Although the Coastal Grandmother look is gaining traction among those who still have living grandmothers of their own, part of its power lies in elevating a rarely glorified segment of the population: older women. “I think it’s great that it’s gaining prominence because we have a lot of ageism in the world,” said Anita McKenzie, a 64- year-old photographer in coastal Kent, England with two teenaged grandkids. Ms. Nicoleta said that she wanted to highlight the idea that you can get better with age, and look forward to getting older. And older women celebrate her Coastal Grandmother videos, Ms. Nicoleta said, often commenting to say ‘Thank you for romanticizing a later age in life.’ So will the aesthetic move the needle for companies that sell pale button-downs and linen frocks? Even before the hashtag’s inception, Coastal Grandmother staples were resonating. When Oprah Winfrey began wearing a $125 beachy blue-and-white striped button-up called the “Deep End” from the New York and Los Angeles fashion brand AYR in 2019, it went viral, selling over 64,000 pieces. (Ms. Nicoleta called an image of Ms. Winfrey in the shirt the ultimate Coastal Grandmother look).

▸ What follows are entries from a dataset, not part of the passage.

Lemma in_cone_sum (I : finType) (P : pred I) (W : I -> R) (v : I -> 'cV[R]_m) :
  (forall i, P i -> in_cone (W i) (v i)) ->
  in_cone (\sum_(i | P i) W i) (\sum_(i | P i) v i).
Proof.
move=> Wv; apply: (big_rec2 in_cone); first exact: in_cone0.
by move=> i W' v' /Wv; exact: in_coneD.
Qed.

Lemma convex_comb_sum (I : finType) (P : pred I) (w : I -> R) (x : I -> 'cV[R]_m) :
  (forall i, P i -> 0 <= w i) -> (forall i, P i -> G (x i)) ->
  0 < \sum_(i | P i) w i ->
  G ((\sum_(i | P i) w i)^-1 *: \sum_(i | P i) w i *: x i).
Proof.
move=> w_ge0 Gx; apply: in_cone_normalize.
by apply: in_cone_sum => i Pi; apply: in_coneZ; [exact: w_ge0 | exact: Gx].
Qed.

End ConvexCone.

Section LinearFunctional.
Context {R : pzRingType} {T : Type} {V : lmodType R} {L : (T -> R) -> V}.
Hypothesis L_lin : forall a g h, L (fun x => a * g x + h x) = a *: L g + L h.

Lemma lfun0 : L (fun _ => 0) = 0.
Proof.
rewrite -[RHS](addNr (L (fun _ => 0))) -scaleN1r -L_lin.
by congr L; apply: funext => x; rewrite mulr0 addr0.
Qed.

Lemma lfunD g h : L (fun x => g x + h x) = L g + L h.
Proof. by rewrite -[L g]scale1r -L_lin; congr L; apply: funext => x; rewrite mul1r. Qed.

Lemma lfunZ a g : L (fun x => a * g x) = a *: L g.
Proof.
by rewrite -[_ *: _]addr0 -lfun0 -L_lin; congr L; apply: funext => x; rewrite addr0.
Qed.

Lemma lfun_sum (I : Type) (r : seq I) (P : pred I) (F : I -> T -> R) :
  L (fun x => \sum_(i <- r | P i) F i x) = \sum_(i <- r | P i) L (F i).
Proof.
elim: r => [|j r IH].
  by rewrite big_nil -lfun0; congr L; apply: funext => x; rewrite big_nil.
rewrite big_cons -IH; case: ifP => Pj; last first.
  by congr L; apply: funext => x; rewrite big_cons Pj.
by rewrite -lfunD; congr L; apply: funext => x; rewrite big_cons Pj.
Qed.

End LinearFunctional.

Lemma vnorm_gt0 {R : rcfType} {d : nat} [v : 'cV[R]_d] : v != 0 -> 0 < vnorm v.
Proof.
move=> v_neq0; rewrite /vnorm sqrtr_gt0.
have [k vk_neq0] : exists k, v k 0 != 0.
  apply/existsP; apply: contraR v_neq0 => /existsPn v0.
  by apply/eqP/matrixP => k j; rewrite ord1 mxE; apply/eqP/negPn.
apply: (@psumr_gt0 _ _ xpredT _ k) => //; last by rewrite exprn_even_gt0 ?vk_neq0 ?orbT.
by move=> i _; exact: sqr_ge0.
Qed.

Section MeshGeometry.
Context {R : rcfType} {d : nat} (M : fe_mesh R d).
Local Notation N := (n_nodes M).

Lemma vint_sum e (I : Type) (r : seq I) (P : pred I) (F : I -> 'cV[R]_d -> R) :
  vint M e (fun x => \sum_(i <- r | P i) F i x) = \sum_(i <- r | P i) vint M e (F i).
Proof. exact: (lfun_sum (V := R^o) (@vint_lin _ _ M e)). Qed.

Lemma bint_sum e (I : Type) (r : seq I) (P : pred I) (F : I -> 'cV[R]_d -> R) :
  bint M e (fun x => \sum_(i <- r | P i) F i x) = \sum_(i <- r | P i) bint M e (F i).
Proof. exact: (lfun_sum (@bint_lin _ _ M e)). Qed.

Lemma phi_out e i x : i \notin Nset M e -> cell M e x -> phi M i x = 0.
Proof.
rewrite inE => /asboolPn phi_e0 ex; have [//|phi_neq0] := eqVneq (phi M i x) 0.
by case: phi_e0; exists x; split=> //; exact/eqP.
Qed.

Lemma mloc_out e i : i \notin Nset M e -> mloc M e i = 0.
Proof.
move=> i_out; rewrite /mloc -(lfun0 (V := R^o) (@vint_lin _ _ M e)).
by apply: vint_local => x; exact: phi_out.
Qed.

Lemma vol_sum e : vol M e = \sum_(i in Nset M e) mloc M e i.
Proof.
rewrite /vol (vint_local (h := fun x => \sum_j phi M j x)); last first.
  by move=> x ex; rewrite (phi_pu ex).
rewrite vint_sum [RHS]big_mkcond; apply: eq_bigr => j _.
by case: ifP => // /negbT /mloc_out.
Qed.

Lemma Nbd_subset e : Nbd M e \subset Nset M e.
Proof. by apply/subsetP => i; rewrite inE => /andP[]. Qed.

Lemma sum_Nset_split (V : nmodType) e (F : 'I_N -> V) :
  \sum_(i in Nset M e) F i = \sum_(i in Nbd M e) F i + \sum_(i in Nint M e) F i.
Proof. by rewrite (big_setID (Nbd M e)) (setIidPr (Nbd_subset e)). Qed.

Lemma fluxint_cvec {m : nat} (f : 'cV[R]_m -> 'M[R]_(m, d)) u e :
  fluxint M f u e = \sum_i f (u i) *m cvec M e i.
Proof.
apply/matrixP => k j; rewrite ord1 !mxE summxE.
under eq_bigr => l _ do
  rewrite (bint_sum e _ _ _ (fun i x => f (u i) k l * phi M i x)) summxE.
rewrite exchange_big; apply: eq_bigr => i _.
rewrite mxE; apply: eq_bigr => l _.
by rewrite (lfunZ (@bint_lin _ _ M e)) mxE.
Qed.

Section NoInteriorTrace.
Context {e : 'I_(n_cells M)}.
Hypothesis Nint_bdry0 :
  forall i, i \in Nint M e -> forall x, bdry M e x -> phi M i x = 0.

Lemma cvec_out i : i \notin Nbd M e -> cvec M e i = 0.
Proof.
move=> i_Nbd; rewrite /cvec -(lfun0 (@bint_lin _ _ M e)).
apply: bint_local => x ex; have [i_N|i_N] := boolP (i \in Nset M e).
  by apply: Nint_bdry0 ex; rewrite inE i_Nbd.
exact: phi_out i_N (bdry_sub ex).
Qed.

(* The divergence theorem, through the partition of unity. *)
Lemma sum_cvec_Nbd : \sum_(i in Nbd M e) cvec M e i = 0.
Proof.
rewrite big_mkcond /= (eq_bigr (cvec M e)); last first.
  by move=> i _; case: ifP => // /negbT /cvec_out.
rewrite /cvec -bint_sum -(@divergence _ _ M e); apply: bint_local => x ex.
by rewrite (phi_pu (bdry_sub ex)).
Qed.

Lemma fluxint_shift {m : nat} (f : 'cV[R]_m -> 'M[R]_(m, d)) u w :
  fluxint M f u e = \sum_(i in Nbd M e) (f (u i) - f w) *m cvec M e i.
Proof.
rewrite fluxint_cvec (bigID (mem (Nbd M e))) /=.
rewrite [X in _ + X]big1 ?addr0 => [|i /cvec_out ->]; last exact: mulmx0.
under [RHS]eq_bigr => i _ do rewrite mulmxBl.
by rewrite sumrB -mulmx_sumr sum_cvec_Nbd mulmx0 subr0.
Qed.

End NoInteriorTrace.
End MeshGeometry.

Section CellUpdate.
Context {R : rcfType} {d m : nat} {M : fe_mesh R d} {e : 'I_(n_cells M)}.
Hypothesis Nint_bdry0 :
  forall i, i \in Nint M e -> forall x, bdry M e x -> phi M i x = 0.
Hypothesis cvec_neq0 : forall i, i \in Nbd M e -> cvec M e i != 0.
Hypothesis mloc_gt0 : forall i, i \in Nset M e -> 0 < mloc M e i.
Context {i0 : 'I_(n_nodes M)}.
Hypothesis i0_Nset : i0 \in Nset M e.
Context {f : 'cV[R]_m -> 'M[R]_(m, d)} {G : 'cV[R]_m -> Prop}.
Hypothesis convexG : convex_set G.
Context {u : 'I_(n_nodes M) -> 'cV[R]_m}.
Hypothesis Gu : forall j, G (u j).
Context {lam : 'I_(n_cells M) -> 'I_(n_nodes M) -> R}.
Hypothesis lam_bar :
  forall i, i \in Nbd M e -> 0 < lam e i /\ G (ubar0 M f u lam e i).

Local Notation s := (sfac M e)^-1.
Local Notation w i := (vnorm (cvec M e i) * lam e i).
Local Notation S := (\sum_(j in Nbd M e) vnorm (cvec M e j) * lam e j).

Lemma sfac_inv_gt0 : 0 < s.
Proof. by rewrite /sfac; case: ifP => _; rewrite invr_gt0 ?ltr01 ?ltr0n. Qed.

Lemma cvec_lam_gt0 i : i \in Nbd M e -> 0 < w i.
Proof.
move=> Ni; have [lam_gt0 _] := lam_bar _ Ni.
by rewrite mulr_gt0 ?vnorm_gt0 ?cvec_neq0.
Qed.

Lemma vol_gt0 : 0 < vol M e.
Proof.
rewrite vol_sum; apply: (@psumr_gt0 _ _ _ _ i0) => // [i|].
  by move/mloc_gt0/ltW.
exact: mloc_gt0.
Qed.

Lemma m0_gt0 : 0 < m0 M e.
Proof.
rewrite /m0; case: ifP => [/set0Pn[j j_int]|_]; last exact: vol_gt0.
have Nint_Nset i : i \in Nint M e -> i \in Nset M e by rewrite inE => /andP[].
apply: (@psumr_gt0 _ _ _ _ j) => // [i /Nint_Nset/mloc_gt0/ltW //|].
exact/mloc_gt0/Nint_Nset.
Qed.

Lemma m0_mass : s * (\sum_(i in Nbd M e) mloc M e i + m0 M e) = vol M e.
Proof.
rewrite /m0 /sfac /has_int vol_sum sum_Nset_split.
case: ifP => [_|/negbFE/eqP ->]; first by rewrite invr1 mul1r.
by rewrite big_set0 addr0; field.
Qed.

Lemma u0_moment :
  s *: (\sum_(i in Nbd M e) mloc M e i *: u i + m0 M e *: u0 M u e) =
  \sum_(i in Nset M e) mloc M e i *: u i.
Proof.
have m0_neq0 := lt0r_neq0 m0_gt0.
rewrite /u0 /sfac sum_Nset_split; move: m0_neq0; rewrite /m0 /has_int.
case: ifP => [_ m0_neq0|/negbFE/eqP Nint0 _].
  by rewrite invr1 scale1r scalerA mulfV // scale1r.
rewrite Nint0 big_set0 addr0 /cavg sum_Nset_split Nint0 big_set0 addr0.
rewrite scalerA mulfV ?lt0r_neq0 ?vol_gt0 // scale1r.
by rewrite -mulr2n -scaler_nat scalerA mulVf ?pnatr_eq0 // scale1r.
Qed.

Lemma u0_in_G : G (u0 M u e).
Proof.
have := m0_gt0; rewrite /u0 /m0 /has_int; case: ifP => _ m0_pos.
  apply: convex_comb_sum => // i; rewrite inE => /andP[_].
  by move/mloc_gt0/ltW.
rewrite /cavg vol_sum; rewrite vol_sum in m0_pos.
by apply: convex_comb_sum => // i /mloc_gt0/ltW.
Qed.

Lemma fluxint_bar_states :
  fluxint M f u e = \sum_(i in Nbd M e)
    (w i *: (u i + u0 M u e) - (2 * w i) *: ubar0 M f u lam e i).
Proof.
rewrite (fluxint_shift M Nint_bdry0 f u (u0 M u e)); apply: eq_bigr => i Ni.
have [lam_gt0 _] := lam_bar _ Ni.
have c_gt0 := vnorm_gt0 (cvec_neq0 _ Ni).
rewrite /ubar0 /nvec -scalemxAr.
apply/matrixP => k j; rewrite !mxE.
by field; rewrite ?lt0r_neq0.
Qed.

Lemma dtmax_le_node dt i : dt <= dtmax M lam e -> i \in Nbd M e ->
  dt * w i <= s * mloc M e i.
Proof.
move=> dt_le Ni; rewrite -ler_pdivlMr ?cvec_lam_gt0 // -mulrA.
apply: le_trans dt_le _; apply: ler_wpM2l; first exact/ltW/sfac_inv_gt0.
exact: bigmin_le_cond.
Qed.

Lemma dtmax_le_center dt : dt <= dtmax M lam e -> dt * S <= s * m0 M e.
Proof.
move=> dt_le.
have S_ge0 : 0 <= S by apply: sumr_ge0 => i /cvec_lam_gt0/ltW.
have [S_gt0|S_le0] := ltP 0 S; last first.
  have -> : S = 0 by apply/eqP; rewrite eq_le S_le0 S_ge0.
  by rewrite mulr0 mulr_ge0 // ltW ?sfac_inv_gt0 ?m0_gt0.
rewrite -ler_pdivlMr // -mulrA.
apply: le_trans dt_le _; apply: ler_wpM2l; first exact/ltW/sfac_inv_gt0.
exact: bigmin_le_id.
Qed.

Lemma vol_ubar dt :
  vol M e *: ubar M f u e dt =
  \sum_(i in Nbd M e) ((s * mloc M e i - dt * w i) *: u i
                       + (2 * dt * w i) *: ubar0 M f u lam e i)
  + (s * m0 M e - dt * S) *: u0 M u e.
Proof.
have vol_neq0 := lt0r_neq0 vol_gt0.
rewrite /ubar /cavg scalerBr !scalerA mulfV // scale1r mulrCA mulfV // mulr1.
rewrite -u0_moment fluxint_bar_states.
rewrite [in RHS](eq_bigr (fun i => s *: (mloc M e i *: u i)
    - dt *: (w i *: (u i + u0 M u e) - (2 * w i) *: ubar0 M f u lam e i)
    + (dt * w i) *: u0 M u e)); last first.
  by move=> i _; apply/matrixP => k j; rewrite !mxE; ring.
rewrite [in RHS]big_split [in RHS]sumrB /= -!scaler_sumr -scaler_suml -mulr_sumr.
by apply/matrixP => k j; rewrite !mxE; ring.
Qed.

Lemma ubar_in_G dt : 0 <= dt -> dt <= dtmax M lam e -> G (ubar M f u e dt).
Proof.
move=> dt_ge0 dt_le.
have mass : \sum_(i in Nbd M e) ((s * mloc M e i - dt * w i) + 2 * dt * w i)
            + (s * m0 M e - dt * S) = vol M e.
  rewrite -m0_mass (eq_bigr (fun i => s * mloc M e i + dt * w i)); last first.
    by move=> i _; ring.
  by rewrite big_split /= -!mulr_sumr; ring.
have : in_cone G (\sum_(i in Nbd M e) ((s * mloc M e i - dt * w i) + 2 * dt * w i)
                  + (s * m0 M e - dt * S)) (vol M e *: ubar M f u e dt).
  rewrite vol_ubar; apply: (in_coneD _ convexG).
    apply: (in_cone_sum _ convexG) => i Ni; have [_ Gb] := lam_bar _ Ni.
    apply: (in_coneD _ convexG); apply: in_coneZ => //.
      by rewrite subr_ge0; exact: dtmax_le_node.
    by apply: mulr_ge0; [exact: mulr_ge0 | exact/ltW/cvec_lam_gt0].
  apply: in_coneZ; last exact: u0_in_G.
  by rewrite subr_ge0; exact: dtmax_le_center.
rewrite mass => /in_cone_normalize/(_ vol_gt0).
by rewrite scalerA mulVf ?lt0r_neq0 ?vol_gt0 // scale1r.
Qed.

End CellUpdate.

Theorem theorem1 (R : rcfType) (d m : nat) (M : fe_mesh R d)
  (* Bernstein-basis / mesh facts stated in the context *)
  (Hint0 : forall e i, i \in Nint M e -> forall x, bdry M e x -> phi M i x = 0)
  (Hc0 : forall e i, i \in Nbd M e -> cvec M e i != 0)
  (Hmpos : forall e i, i \in Nset M e -> 0 < mloc M e i)
  (Hcover : forall i, exists e, i \in Nset M e)
  (f : 'cV[R]_m -> 'M[R]_(m, d)) (G : 'cV[R]_m -> Prop) (HG : convex_set G)
  (u : 'I_(n_nodes M) -> 'cV[R]_m) (Hu : forall j, G (u j))
  (lam : 'I_(n_cells M) -> 'I_(n_nodes M) -> R)
  (Hlam : forall e i, i \in Nbd M e -> 0 < lam e i /\ G (ubar0 M f u lam e i))
  (dte : 'I_(n_cells M) -> R)
  (Hdte : forall e, 0 < dte e /\ dte e <= dtmax M lam e)
  (dt : R) (Hdt : 0 < dt) (Hdtle : forall e, dt <= dte e) :
  forall i, G (uSSP M f u dt dte i).
Proof.
move=> i; have Eset_Nset e : (e \in Eset M i) = (i \in Nset M e) by rewrite inE.
have [e0 i_e0] := Hcover i.
rewrite /uSSP /mglob; apply: (convex_comb_sum _ HG) => [e|e|].
- by rewrite Eset_Nset => /Hmpos/ltW.
- rewrite Eset_Nset => i_e; have [dte_gt0 dte_le] := Hdte e.
  have t_ge0 : 0 <= dt / dte e by rewrite divr_ge0 // ltW.
  have t_le1 : dt / dte e <= 1 by rewrite ler_pdivrMr // mul1r.
  rewrite addrC; apply: (HG _ _ _ (Hu i) _ t_ge0 t_le1).
  apply: (ubar_in_G (Hint0 e) (Hc0 e) (Hmpos e) i_e HG Hu (Hlam e)) => //.
  exact: ltW.
- apply: (@psumr_gt0 _ _ _ _ e0); rewrite ?Eset_Nset //; last exact: Hmpos.
  by move=> e; rewrite Eset_Nset => /Hmpos/ltW.
Qed.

Reviews for the shirt on the AYR website read like Nancy Meyers fan fiction: “When I wear this shirt, I feel like I should be sipping a glass of Sauv Blanc on a balcony overlooking the ocean in the Hamptons,” wrote reviewer Lindsay P. At work on her upcoming Netflix film, which features an undisclosed number of Coastal Grandmothers, Ms. Meyers declined to comment for this article. But she posted a stunned response to the craze to Instagram on April 20, writing, “This [Refinery 29] article says the Coastal Grandmother aesthetic has garnered over 1 billion views on TikTok! Typo?? That’s a lot of views for a pair of khaki pants, a Gap sweater and a bucket hat!” To actual CGs, however, it’s beyond bucket hats. “The sea is such a spiritual aesthetic for me,” said Ms. McKenzie, the grandmother in coastal Kent, “and that’s why I’m drawn to it. It’s not a fashion statement.”